(* Let $\mathcal{C}$ be a deflation-exact category and let $\mathcal{A}$ be an admissibly deflation-percolating subcategory of $\mathcal{C}$. Let $f,g$ be composable morphisms of $\mathcal{C}$. If two of the three morphisms $f$, $g$, $gf$ belong to $S_{\mathcal{A}}$, then so does the third.
   Context: A conflation category is an additive category together with a class of kernel-cokernel pairs $A\xrightarrow{f}B\xrightarrow{g}C$ ($f=\ker g$, $g=\operatorname{coker} f$), closed under isomorphisms, called conflations; the first morphism is an inflation, the second a deflation. A deflation-exact category is a conflation category satisfying: (R0) $1_0$ is a deflation; (R1) composites of deflations are deflations; (R2) the pullback of a deflation along any morphism exists and is a deflation. A non-empty full subcategory $\mathcal{A}$ is admissibly deflation-percolating if: (A1) for every conflation $A'\rightarrowtail A\twoheadrightarrow A''$, $A\in\mathcal{A}$ iff $A',A''\in\mathcal{A}$; (A2) every morphism $C\to A$ with $A\in\mathcal{A}$ factors as a deflation $C\twoheadrightarrow A'$ followed by an inflation $A'\rightarrowtail A$ with $A'\in\mathcal{A}$; (A3) if $a\colon C\rightarrowtail D$ is an inflation and $b\colon C\twoheadrightarrow A$ a deflation with $A\in\mathcal{A}$, the pushout of $a$ along $b$ exists and yields a deflation $D\twoheadrightarrow P$ and an inflation $A\rightarrowtail P$. An $\mathcal{A}^{-1}$-inflation is an inflation with cokernel in $\mathcal{A}$; an $\mathcal{A}^{-1}$-deflation is a deflation with kernel in $\mathcal{A}$. $S_{\mathcal{A}}$ (the weak isomorphisms) is the set of all finite composites of $\mathcal{A}^{-1}$-inflations and $\mathcal{A}^{-1}$-deflations. *)

From HB Require Import structures.
From mathcomp Require Import all_boot all_algebra.
Set Implicit Arguments. Unset Strict Implicit. Unset Printing Implicit Defensive.
Import GRing.Theory.
Local Open Scope ring_scope.
Lemma annihilators_join X Y : F X -> F Y -> F (AV (AV (X `|` Y))).
Proof. by move=> FX FY; rewrite AnnU; apply/annihilators_Ann/annihilatorsI; apply: annihilators_Ann. Qed.

Lemma is_meet_annihilators X Y : F X -> F Y -> is_meet F X Y (X `&` Y).
Proof.
move=> FX FY; split; first exact: annihilatorsI.
by split; [|split]; [move=> z [] | move=> z [] | move=> K _ KX KY z Kz; split; [apply: KX | apply: KY]].
Qed.

Lemma is_join_annihilators X Y : F X -> F Y -> is_join F X Y (AV (AV (X `|` Y))).
Proof.
move=> FX FY; have [XV _ _ _ _] := annihilators_star_ideal FX.
have [YV _ _ _ _] := annihilators_star_ideal FY.
have XYV : X `|` Y `<=` V by move=> z [] ?; [apply: XV | apply: YV].
split; first exact: annihilators_join.
split; [|split]; [move=> z Xz | move=> z Yz | move=> K FK XK YK].
- by apply: sub_Ann2 => //; left.
- by apply: sub_Ann2 => //; right.
- by rewrite -(annihilators_Ann2 FK); apply: Ann2S => z [] ?; [apply: XK | apply: YK].
Qed.

(* For [a] in [X] and [J = Y \/ Z], any [b] annihilating [(X /\ Y) \/ (X /\ Z)] makes
   [b a] an element of [J] that annihilates [Y \/ Z], hence [J], hence itself. *)
Lemma annihilators_distr X Y Z : F X -> F Y -> F Z ->
  X `&` AV (AV (Y `|` Z)) = AV (AV ((X `&` Y) `|` (X `&` Z))).
Proof.
move=> FX FY FZ; have FJ := annihilators_join FY FZ.
have [XV _ _ _ Xid] := annihilators_star_ideal FX.
have [YV _ _ _ Yid] := annihilators_star_ideal FY.
have [ZV _ _ _ Zid] := annihilators_star_ideal FZ.
have [JV Jst _ _ Jid] := annihilators_star_ideal FJ.
have YZV : Y `|` Z `<=` V by move=> z [] ?; [apply: YV | apply: ZV].
rewrite eqEsubset; split; last first.
  rewrite -[X in _ `<=` X](annihilators_Ann2 (annihilatorsI FX FJ)); apply: Ann2S.
  by move=> z [] [Xz hz]; split=> //; apply: sub_Ann2 => //; [left | right].
move=> a [Xa Ja]; have Va := XV _ Xa; split=> // b [Vb hb].
apply/(anticomm_eq0 Va Vb); rewrite (amulC Va Vb).
have ba_ann : AV (Y `|` Z) (mul b a).
  split=> [|y YZy]; first exact: VM.
  have Vy := YZV _ YZy.
  apply/(anticomm_eq0 (VM Vb Va) Vy); rewrite -amulA; apply/(anticomm_eq0 Vb (VM Va Vy)).
  apply: hb; case: YZy => [Yy|Zy]; [left | right]; split; rewrite ?(amulC Va Vy) //.
  - exact: Xid.
  - by rewrite (amulC Vy Va); apply: Yid.
  - exact: Xid.
  - by rewrite (amulC Vy Va); apply: Zid.
rewrite -(Ann3 YZV) in ba_ann; have [_ ba_annJ] := ba_ann.
exact: (ann_self_eq0 JV Jst (Jid _ _ Vb Ja)).
Qed.
Definition Zs (d gam k : R) : set (R * (R * R)) :=
  [set q | exists t s, [/\ 0 < t <= 1, gfun d gam k t s = 0 & q = emb t s]].

Definition fiber (A : set (R * (R * R))) (t : R) : set (R * R) :=
  [set p | A (t, p)].

Definition two_points (X : set (R * R)) : Prop :=
  exists p1 p2, p1 <> p2 /\ X = [set p1; p2].

Definition one_point (X : set (R * R)) : Prop := exists p, X = [set p].

Definition fold_point (d gam k t0 s0 : R) : Prop :=
  [/\ 0 < t0 <= 1, gfun d gam k t0 s0 = 0 &
      derive1 (fun s => gfun d gam k t0 s) s0 = 0].

Definition local_fiber (d gam k : R) (U : set (R * (R * R))) (t : R) :=
  [set p | Zs d gam k (t, p) /\ U (t, p)].

Definition supercritical_fold (d gam k t0 s0 : R) : Prop :=
  fold_point d gam k t0 s0 /\
  exists U, nbhs (emb t0 s0) U /\
  exists2 e : R, 0 < e &
    [/\ forall t, t0 < t < t0 + e -> two_points (local_fiber d gam k U t),
        one_point (local_fiber d gam k U t0) &
        forall t, t0 - e < t < t0 -> local_fiber d gam k U t = set0].

Definition subcritical_fold (d gam k t0 s0 : R) : Prop :=
  fold_point d gam k t0 s0 /\
  exists U, nbhs (emb t0 s0) U /\
  exists2 e : R, 0 < e &
    [/\ forall t, t0 - e < t < t0 -> two_points (local_fiber d gam k U t),
        one_point (local_fiber d gam k U t0) &
        forall t, t0 < t < t0 + e -> local_fiber d gam k U t = set0].

Definition components (A : set (R * (R * R))) : set (set (R * (R * R))) :=
  [set connected_component A x | x in A].

End Defs.

From HB Require Import structures.
From mathcomp Require Import all_boot all_order all_algebra.
From mathcomp Require Import all_classical all_reals all_analysis.
From mathcomp Require Import ring lra.
Set Implicit Arguments. Unset Strict Implicit. Unset Printing Implicit Defensive.
Import Order.TTheory GRing.Theory Num.Theory.
Import numFieldNormedType.Exports.
Local Open Scope classical_set_scope.
Local Open Scope ring_scope.

(* Dividing [g] by [tau^(delta^2 - delta)] shows that [g(tau, s) = 0] iff
   [sin s = sinZ tau := (F_delta(tau)/gamma - 1)/k].  Hence the fiber of [Z]
   over [tau] has two points, one point ([s = pi/2]) or none according as
   [F_delta(tau)] lies below, at or above the level [L = gamma (1 + k)], and [Z]
   is the union of the two continuous branches [tau |-> (tau, +-sqrt(1 - sinZ^2), sinZ)]
   over [{F_delta <= L}], which meet where [F_delta = L].  For [delta < Phi] the
   exponent [p(delta)] is positive and [F_delta] increases, then decreases on
   [(0, 1]], with maximum [M_F(delta)] at [(p/delta)^(1/(delta - p))]: the level is
   never reached when [gamma > gamma_+] and crossed twice when [gamma < gamma_+].
   For [delta > Phi], [p(delta) < 0] and [F_delta] decreases from [+oo] to [0],
   crossing the level once.  The components are then the (unions of) branches,
   separated by the sign of [cos s] or by a value of [tau]. *)

Section UnitCircle.
Variable R : realType.
(* Let $\mathcal{A}$ be a Desargues affine plane, let $O\neq I$ be points, and let $\delta$ be a dilatation of $\mathcal{A}$ having a fixed point (which may lie on the line $\ell^{OI}$ or off it). Equip $\ell^{OI}$ with the skew field structure with zero $O$ and unit $I$, and the line $\delta(\ell^{OI})$ with the skew field structure with zero $\delta(O)$ and unit $\delta(I)$. Then for all $A,B\in\ell^{OI}$ with $B\neq O$, \[ \delta(r(A:B))=r(\delta(A):\delta(B)), \] where the ratio on the left is computed in $\ell^{OI}$ and the ratio on the right in $\delta(\ell^{OI})$.
   Context: A Desargues affine plane is an incidence structure of points and lines in which any two distinct points lie on exactly one line, through a point not on a line $\ell$ there is exactly one line disjoint from $\ell$ (Playfair), there exist three non-collinear points, and Desargues' axiom holds: if $A,B,C,A',B',C'$ are points such that the pairwise distinct lines $AA',BB',CC'$ are either all parallel or all pass through one point, and $AB\parallel A'B'$, $BC\parallel B'C'$ (with $AB\neq A'B'$, $BC\neq B'C'$, $A\ne C$, $A'\ne C'$), then $AC\parallel A'C'$. Skew field on a line: for distinct points $O,I$ and points $A,B$ on the line $\ell^{OI}$, addition is defined by: choose a point $B_1\notin\ell^{OI}$; let $P_1$ be the intersection of the line through $B_1$ parallel to $\ell^{OI}$ with the line through $A$ parallel to $OB_1$; then $A+B$ is the intersection of $\ell^{OI}$ with the line through $P_1$ parallel to $BB_1$. Multiplication is defined by: choose $B_1\notin\ell^{OI}$; let $P_1$ be the intersection of the line through $A$ parallel to $IB_1$ with the line $OB_1$; then $A\cdot B$ is the intersection of $\ell^{OI}$ with the line through $P_1$ parallel to $BB_1$. These operations do not depend on the choice of $B_1$ and make $(\ell^{OI},+,\cdot)$ a skew field with zero $O$ and unit $I$; the same construction applies to any line with any chosen pair of distinct points as zero and unit. $X^{-1}$ denotes the multiplicative inverse. Ratio of two points on a line with chosen zero $O$: $r(A:B)=B^{-1}A$ for $B\neq O$. A dilatation of $\mathcal{A}$ is a collineation $\delta$ such that $\delta(P)\delta(Q)\parallel PQ$ for all points $P\neq Q$. *)

From Stdlib Require Import ClassicalEpsilon.

Set Implicit Arguments.

Section Plane.
Variables (Point Line : Type) (inc : Point -> Line -> Prop).

Definition par (l m : Line) : Prop :=
  l = m \/ ~ (exists P, inc P l /\ inc P m).

Definition collinear (A B C : Point) : Prop :=
  exists l, inc A l /\ inc B l /\ inc C l.
Lemma probe_bl_edge a b i j : hasse P a b ->
  probe (dist a) a = Some i -> probe (dist b) b = Some j ->
  bl_edge P x d (a, i) (b, j).
Proof.
move=> hab pa pb; have /and4P[Pa Pb _ _] := hab.
have adj_ab : adj a b by rewrite /uhasse hab.
split; [exact: probe_bl_elem | exact: probe_bl_elem | done |].
have [d_ab|d_ba] := dist_adj Pa Pb adj_ab.
- exists (dist b); left; split; first by rewrite -d_ab; apply: dist_hdist.
  split; first exact: dist_hdist.
  by apply: probe_parent_index pa pb; rewrite // uhasse_sym.
- exists (dist a); right; split; first by rewrite -d_ba; apply: dist_hdist.
  by split; [apply: dist_hdist | apply: probe_parent_index pb pa].
Qed.

Section Copy.
Variable A : {set {set 'I_n}}.
Hypothesis g_copy : is_blowup_copy P x d A g.

Lemma queries_sub : queries \subset A.
Proof.
by case: g_copy => inA _ _; apply/subsetP => _ /queries_index[a /inA Aa ->].
Qed.

Lemma card_queries_miss u : g (x, 0) \in F -> u \in P ->
  probe (dist u) u = None -> d + #|queries :&: F| <= #|queries|.
Proof.
move=> Fx Pu /(probe_failure Fx Pu erefl)[v [k [i [Pv dv pi hit_d]]]].
have [_ g_inj _] := g_copy.
set block := [set y in queried v].
have q_v : queried v = [seq g (v, d * i + c) | c <- iota 0 d].
  by rewrite /queried dv pi hit_d take_oversize // size_iota.
have card_block : #|block| = d.
  have uniq_q : uniq [seq g (v, d * i + c) | c <- iota 0 d].
    rewrite map_inj_in_uniq ?iota_uniq // => c c'.
    rewrite !mem_iota => /andP[_ lt_c] /andP[_ lt_c'].
    by move/g_inj => /(_ (bl_elem_child Pv dv pi lt_c) (bl_elem_child Pv dv pi lt_c')) [/addnI].
  by move/card_uniqP: uniq_q; rewrite cardsE q_v size_map size_iota.
have blockI : block :&: (queries :&: F) = set0.
  apply/setP => y; rewrite !inE q_v; apply/negP => /andP[/mapP[c c_in ->] /andP[_]].
  by move: c_in; rewrite mem_iota => /andP[_ lt_c]; apply/negP/before_first_hit; rewrite hit_d.
rewrite -card_block -cardsUI blockI cards0 addn0.
apply: subset_leq_card; rewrite subUset subsetIl andbT.
by apply/subsetP => y qy; rewrite !inE; apply/orP; right; apply/bigcupP; exists v.
Qed.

·····

Exercise prompt = Check every line of the entries above, and copy those that carry the string "Theory".

Answer to the problem =
Import GRing.Theory.
Import Order.TTheory GRing.Theory Num.Theory.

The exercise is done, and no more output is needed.